GUIGNES, Chrétien Louis-Joseph de

Voyage à Peking, Manille, et l'ile de France faits dans l'intervalle des années 1784 à 1801

Paris, Imprimerie Impériale, 1808

L'UN DES MEILLEURS RÉCITS DE VOYAGE EN CHINE : UN GRAND CLASSIQUE.

BEL EXEMPLAIRE TRÈS BIEN RELIÉ À L’ÉPOQUE EN DEMI MAROQUIN VERT, EN RELIURE UNIFORME, ET PROVENANT D’UNE BIBLIOTHÈQUE ARISTOCRATIQUE DU MIDI

ÉDITION ORIGINALE

3 volumes in-8 (198 x 128mm) et un volume d'Atlas in-folio (430 x 270mm)
COLLATION : 3 f.n.ch. iii-lxiii (1)-439, 3 f.n.ch. 3-476 pp., 2 f.n.ch., (2)-488
ILLUSTRATION : 98 planches et cartes (dont la planche 93bis) gravées sur cuivre sous la direction de Jacques-Eustache de Sève. Les illustrations sont gravées sur 66 feuillets dont : 28 à pleine page, 5 cartes dont 3 dépliantes et un plan dépliant de Macao

RELIURES UNIFORMES DE L'ÉPOQUE. Dos longs et coins de maroquin verts, décor richement doré, plats de papier marbré vert avec filets dorés en bordure
PROVENANCE : Aimé Jacques de Poulhariez de Saint-André de Foucaud, marquis de Cavanac (ex-libris).
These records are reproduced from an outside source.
(* Let $F$ be a smooth regular distribution with PDF $f$ and $\ell$ an integer. For any two points $x<x'$ with $2^{-\ell}\le1-F(x')<1-F(x)\le2^{-\ell+1}$ it holds that $f(x')>2^{-33}f(x)$.
   Context: A distribution is smooth if it has no point masses and its PDF $f$ is $C^1$. A smooth distribution is regular iff $f'(v)(1-F(v))\ge-2f(v)^2$ for all $v$. *)

From Stdlib Require Import Reals.
From Coquelicot Require Import Coquelicot.
Open Scope R_scope.

(* F is the CDF of a distribution on R with probability density function f:
   f >= 0, F x = \int_{-oo}^x f, and \int_{-oo}^{+oo} f = 1.
   Having a density, such a distribution has no point masses (F is continuous). *)
Definition is_pdf_of (F f : R -> R) : Prop :=
  (forall x, 0 <= f x) /\
  (forall x, is_RInt_gen f (Rbar_locally m_infty) (at_point x) (F x)) /\
  is_RInt_gen f (Rbar_locally m_infty) (Rbar_locally p_infty) 1.

Definition C1 (f : R -> R) : Prop :=
  forall x, ex_derive f x /\ continuous (Derive f) x.

Definition smooth_dist (F f : R -> R) : Prop :=
  is_pdf_of F f /\ C1 f.

Definition regular_dist (F f : R -> R) : Prop :=
  smooth_dist F f /\
  forall v, Derive f v * (1 - F v) >= - 2 * (f v) ^ 2.

From Stdlib Require Import Reals ZArith Lra Psatz.
From Coquelicot Require Import Coquelicot.
Open Scope R_scope.

(* Write S = 1 - F for the survival function; S' = -f.  The
   regularity condition f' S >= -2 f^2 says exactly that the quantity
   h = f / S^2 has derivative (f' S + 2 f^2) / S^3 >= 0 wherever S > 0, so h
   is nondecreasing there.  For x < x' with S(x') > 0 this gives
   f(x') >= f(x) (S(x') / S(x))^2 >= f(x) / 4, because the hypotheses place
   S(x) and S(x') in the same dyadic interval [2^-l, 2^-l+1].  Moreover f(x')
   cannot vanish: otherwise h = 0, hence f = 0, on [x, x'], so F(x) = F(x'),
   contradicting S(x') < S(x).  From 0 < f(x') and f(x) <= 4 f(x') the bound
   f(x') > 2^-33 f(x) follows at once. *)

Section Density.

Variables F f : R -> R.
Hypothesis Hpdf : is_pdf_of F f.
Hypothesis f_cont : forall x, continuous f x.

Lemma F_increment (a b : R) : is_RInt f a b (F b - F a).
Proof.
  destruct Hpdf as [_ [HF _]].
  assert (Hab : is_RInt f a b (RInt f a b)).
  { apply (RInt_correct (V:=R_CompleteNormedModule)),
      (ex_RInt_continuous (V:=R_CompleteNormedModule)); intros; apply f_cont. }
  assert (Hb : is_RInt_gen f (Rbar_locally m_infty) (at_point b) (plus (F a) (RInt f a b))).
  { apply (is_RInt_gen_Chasles (V:=R_NormedModule)) with (b := a);
      [apply HF | apply is_RInt_gen_at_point, Hab]. }
  assert (EFb : F b = F a + RInt f a b).
  { rewrite <- (is_RInt_gen_unique (V:=R_CompleteNormedModule) _ _ (HF b)).
    exact (is_RInt_gen_unique (V:=R_CompleteNormedModule) _ _ Hb). }
  replace (F b - F a) with (RInt f a b) by lra. exact Hab.
Qed.

Lemma F_nondecreasing (a b : R) : a <= b -> F a <= F b.
Proof.
  intro Hab.
  pose proof (is_RInt_ge_0 f a b _ Hab (F_increment a b)
              (fun t _ => proj1 Hpdf t)) as Hnonneg.
  lra.
Qed.

Lemma survival_derive (v : R) : is_derive (fun t => 1 - F t) v (- f v).
Proof.
  assert (HF : is_derive (fun t => F t - F 0) v (f v)).
  { apply is_derive_RInt with (a := 0); [|apply f_cont].
    apply filter_forall; intro; apply F_increment. }
  pose proof (is_derive_minus (fun _ => 1 - F 0) (fun t => F t - F 0) v zero (f v)
               (is_derive_const _ _) HF) as HS.
  replace (- f v) with (minus zero (f v))
    by (unfold minus, plus, opp, zero; simpl; ring).
  eapply is_derive_ext; [|exact HS].
  intro t; unfold minus, plus, opp; simpl; ring.
Qed.

End Density.

Section Regular.

Variables F f : R -> R.
Hypothesis Hreg : regular_dist F f.

(* The ratio f / (1 - F)^2 whose monotonicity is equivalent to regularity. *)
Definition hazard_ratio (t : R) : R := f t / ((1 - F t) * (1 - F t)).

Lemma density_continuous (t : R) : continuous f t.
Proof. exact (ex_derive_continuous f t (proj1 (proj2 (proj1 Hreg) t))). Qed.

Lemma hazard_ratio_derive (t : R) : 0 < 1 - F t ->
  is_derive hazard_ratio t
    ((Derive f t * (1 - F t) + 2 * f t ^ 2) / (1 - F t) ^ 3).
Proof.
  intro Ht.
  destruct Hreg as [[Hpdf HC1] _].
  pose proof (survival_derive F f Hpdf density_continuous t) as HS.
  pose proof (is_derive_div f (fun s => (1 - F s) * (1 - F s)) t _ _
    (Derive_correct f t (proj1 (HC1 t)))
    (is_derive_mult (K:=R_AbsRing) _ _ t _ _ HS HS Rmult_comm)
    ltac:(apply Rgt_not_eq, Rmult_lt_0_compat; lra)) as Hq.
  replace ((Derive f t * (1 - F t) + 2 * f t ^ 2) / (1 - F t) ^ 3) with
    ((Derive f t * ((1 - F t) * (1 - F t))
      - f t * (- f t * (1 - F t) + (1 - F t) * - f t))
     / ((1 - F t) * (1 - F t)) ^ 2) by (field; lra).
  exact Hq.
Qed.

(* Regularity makes that derivative nonnegative, so h is nondecreasing on
   any interval where the survival function is positive (mean value theorem). *)
Lemma hazard_ratio_mono (y z : R) : y <= z ->
  (forall t, y <= t <= z -> 0 < 1 - F t) -> hazard_ratio y <= hazard_ratio z.
Proof.
  intros Hyz Hpos.
  set (dh := fun t => (Derive f t * (1 - F t) + 2 * f t ^ 2) / (1 - F t) ^ 3).
  assert (Hder : forall t, y <= t <= z -> is_derive hazard_ratio t (dh t)).
  { intros t Ht; apply hazard_ratio_derive, Hpos, Ht. }
  destruct (MVT_gen hazard_ratio y z dh) as [c [Hc Hmvt]].
  - intros t Ht; rewrite Rmin_left, Rmax_right in Ht by lra.
    apply Hder; lra.
  - intros t Ht; rewrite Rmin_left, Rmax_right in Ht by lra.
    apply continuity_pt_filterlim,
      (ex_derive_continuous (K:=R_AbsRing) (V:=R_NormedModule)).
    exists (dh t); apply Hder, Ht.
  - rewrite Rmin_left, Rmax_right in Hc by lra.
    assert (Sc : 0 < 1 - F c) by (apply Hpos; lra).
    assert (Hdh : 0 <= dh c).
    { apply Rmult_le_pos; [pose proof (proj2 Hreg c); lra|].
      apply Rlt_le, Rinv_0_lt_compat, pow_lt, Sc. }
    nra.
Qed.

Lemma density_ratio_bound (x x' : R) : x <= x' -> 0 < 1 - F x' ->
  f x * ((1 - F x') * (1 - F x')) <= f x' * ((1 - F x) * (1 - F x)).
Proof.
  intros Hxx' Sx'.
  assert (Spos : forall t, t <= x' -> 0 < 1 - F t).
  { intros t Ht; pose proof (F_nondecreasing F f (proj1 (proj1 Hreg))
      density_continuous t x' Ht); lra. }
  pose proof (hazard_ratio_mono x x' Hxx' (fun t Ht => Spos t (proj2 Ht))) as Hh.
  pose proof (Spos x Hxx') as Sx.
  unfold hazard_ratio in Hh.
  apply Rmult_le_compat_r with (r := (1 - F x) * (1 - F x) * ((1 - F x') * (1 - F x')))
    in Hh; [|apply Rlt_le; repeat apply Rmult_lt_0_compat; lra].
  replace (f x / ((1 - F x) * (1 - F x)) * ((1 - F x) * (1 - F x) * ((1 - F x') * (1 - F x'))))
    with (f x * ((1 - F x') * (1 - F x'))) in Hh by (field; lra).
  replace (f x' / ((1 - F x') * (1 - F x')) * ((1 - F x) * (1 - F x) * ((1 - F x') * (1 - F x'))))
    with (f x' * ((1 - F x) * (1 - F x))) in Hh by (field; lra).
  exact Hh.
Qed.

(* If F strictly increases between x and x' (and S(x') > 0), then f(x') > 0:
   otherwise h, hence f, would vanish on all of [x, x']. *)
Lemma density_positive (x x' : R) : x <= x' -> 0 < 1 - F x' -> F x < F x' ->
  0 < f x'.
Proof.
  intros Hxx' Sx' HFlt.
  pose proof (proj1 (proj1 Hreg)) as Hpdf.
  destruct (Rle_lt_or_eq_dec 0 (f x') (proj1 Hpdf x')) as [|Hz]; [assumption|].
  exfalso.
  assert (Hzero : forall t, x <= t <= x' -> f t = 0).
  { intros t Ht.
    pose proof (density_ratio_bound t x' (proj2 Ht) Sx') as Hb.
    rewrite <- Hz, Rmult_0_l in Hb.
    pose proof (proj1 Hpdf t).
    pose proof (Rmult_lt_0_compat _ _ Sx' Sx'); nra. }
  pose proof (F_increment F f Hpdf density_continuous x x') as HI.
  apply (is_RInt_ext f (fun _ => 0)) in HI.
  2: { intros t Ht; rewrite Rmin_left, Rmax_right in Ht by lra; apply Hzero; lra. }
  pose proof (is_RInt_unique (V:=R_CompleteNormedModule) _ _ _ _
               (is_RInt_const (V:=R_CompleteNormedModule) x x' 0)) as H0.
  rewrite (is_RInt_unique (V:=R_CompleteNormedModule) _ _ _ _ HI) in H0.
  change (scal (x' - x) 0) with ((x' - x) * 0) in H0.
  lra.
Qed.

End Regular.

Theorem corollary2 (F f : R -> R) (l : Z) (x x' : R) :
  regular_dist F f ->
  x < x' ->
  powerRZ 2 (- l) <= 1 - F x' ->
  1 - F x' < 1 - F x ->
  1 - F x <= powerRZ 2 (- l + 1) ->
  f x' > powerRZ 2 (-33) * f x.
Proof.
  intros Hreg Hxx' Hlow Hlt Hup.
  assert (Hp : 0 < powerRZ 2 (- l)) by (apply powerRZ_lt; lra).
  assert (Hdouble : powerRZ 2 (- l + 1) = 2 * powerRZ 2 (- l))
    by (rewrite powerRZ_add by lra; simpl; ring).
  assert (H33 : powerRZ 2 (-33) < / 4).
  { simpl; replace (2 ^ Pos.to_nat 33) with 8589934592 by (simpl; ring).
    apply Rinv_lt_contravar; lra. }
  assert (H33pos : 0 < powerRZ 2 (-33)) by (apply powerRZ_lt; lra).
  (* S(x) <= 2 S(x'), so f(x) <= 4 f(x'). *)
  pose proof (density_ratio_bound F f Hreg x x' (Rlt_le _ _ Hxx') ltac:(lra)) as Hbound.
  pose proof (proj1 (proj1 (proj1 Hreg)) x) as Hfx.
  pose proof (density_positive F f Hreg x x' (Rlt_le _ _ Hxx') ltac:(lra) ltac:(lra)) as Hpos.
  assert (Hsq : (1 - F x) * (1 - F x) <= 4 * ((1 - F x') * (1 - F x'))) by nra.
  assert (H4 : f x <= 4 * f x').
  { apply Rmult_le_reg_r with ((1 - F x') * (1 - F x')); [nra|].
    pose proof (Rmult_le_compat_l (f x') _ _ (Rlt_le _ _ Hpos) Hsq); lra. }
  nra.
Qed.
Riche et importante famille du Languedoc ; cette importante bibliothèque fut vendue à la mort de ce dernier marquis en 1849, “à son de trompe et par le ministère d’un commissaire-priseur” (Répertoire des travaux de la société de statistique de Marseille, vol. 28, p. 198)

Quelques rares rousseurs d’usage

Chrétien Louis-Joseph de Guignes (1759-1845), fils de Joseph de Guignes (1720-1800) - brillant sinologue du XVIIIe siècle et académicien français -, résida plus de dix-sept ans en Chine, de 1784 à 1801. Il fut, en premier lieu, Résident de France et consul à Canton. Puis, de 1794 à 1795, il accompagna comme interprète l'ambassade hollandaise d'Isaac Titsingh auprès de la Cour de l'empereur Quianlong. Il traversa ainsi toute la Chine, du sud au nord (cf. les cartes 93 et 93bis de l'Atlas), à l'occasion de l'anniversaire du soixantième anniversaire du règne de Quianlong.

À cette époque, la Chine avait rompu ses relations avec l'Angleterre l'année précédente, suite à l'affront de Lord Macartney lors de sa réception par l'Empereur. Elle lui préférait désormais les Hollandais qui furent fêtés au Vieux Palais d'Eté (cf. t. III, pp. 155-173). Hasard de l'histoire, ce sera la dernière fois qu'une mission diplomatique européenne pourra voir ce célèbre palais avant sa destruction en 1860 lors de la seconde guerre de l'Opium.   

Le Voyage à Peking de Chrétien de Guignes est, avec les ouvrages de Macartney et de Staunton, l'un des meilleurs livres de voyage illustrés consacrés à la Chine en cette fin du XVIIIe siècle. À ce titre, il structura, avec ces deux autres textes, la vision occidentale de la Chine à l'âge du romantisme.

Guignes s'est fondé sur son propre journal d'un séjour de dix-sept ans. À son retour à Paris, il fit graver ses propres dessins comme le mentionnent les nombreuses planches de l'Atlas : Deguignes fecit. On y découvre ainsi un splendide panorama encyclopédique de la Chine éternelle : architecture, jardins, fêtes (dont la célèbre planche de la Fête chinoise qui a lieu en Automne), processions funéraires, théâtres, vues du Palais, marchés, arcs de triomphe, ponts et tours, lacs, pagodes, costumes militaires, moulins à eau ou à vent, pêcheurs, cimetières, monuments, maisons de campagnes, fleurs et démons, plans de Macao, etc... Le système chinois de notation musicale est lui-même représenté par une planche.

Les caractères chinois imprimés dans les volumes de texte furent gravés sur bois sous la direction d'un autre grand sinologue de l'époque, Étienne Fourmont. On raconte que Chrétien de Guignes aurait lui-même aquarellé un exemplaire destiné à l'empereur Chia-ch'ing.

RÉFÉRENCES : Monglond VII, 1138-1140, pour le détail minutieux de l'iconographie -- Cordier, Sinica, 2351 -- Schlup, Levant, 2009, pp. 222-249 -- Broc, La Géographie des philosophes, 1975, pp. 329-332 -- Chadenat 590.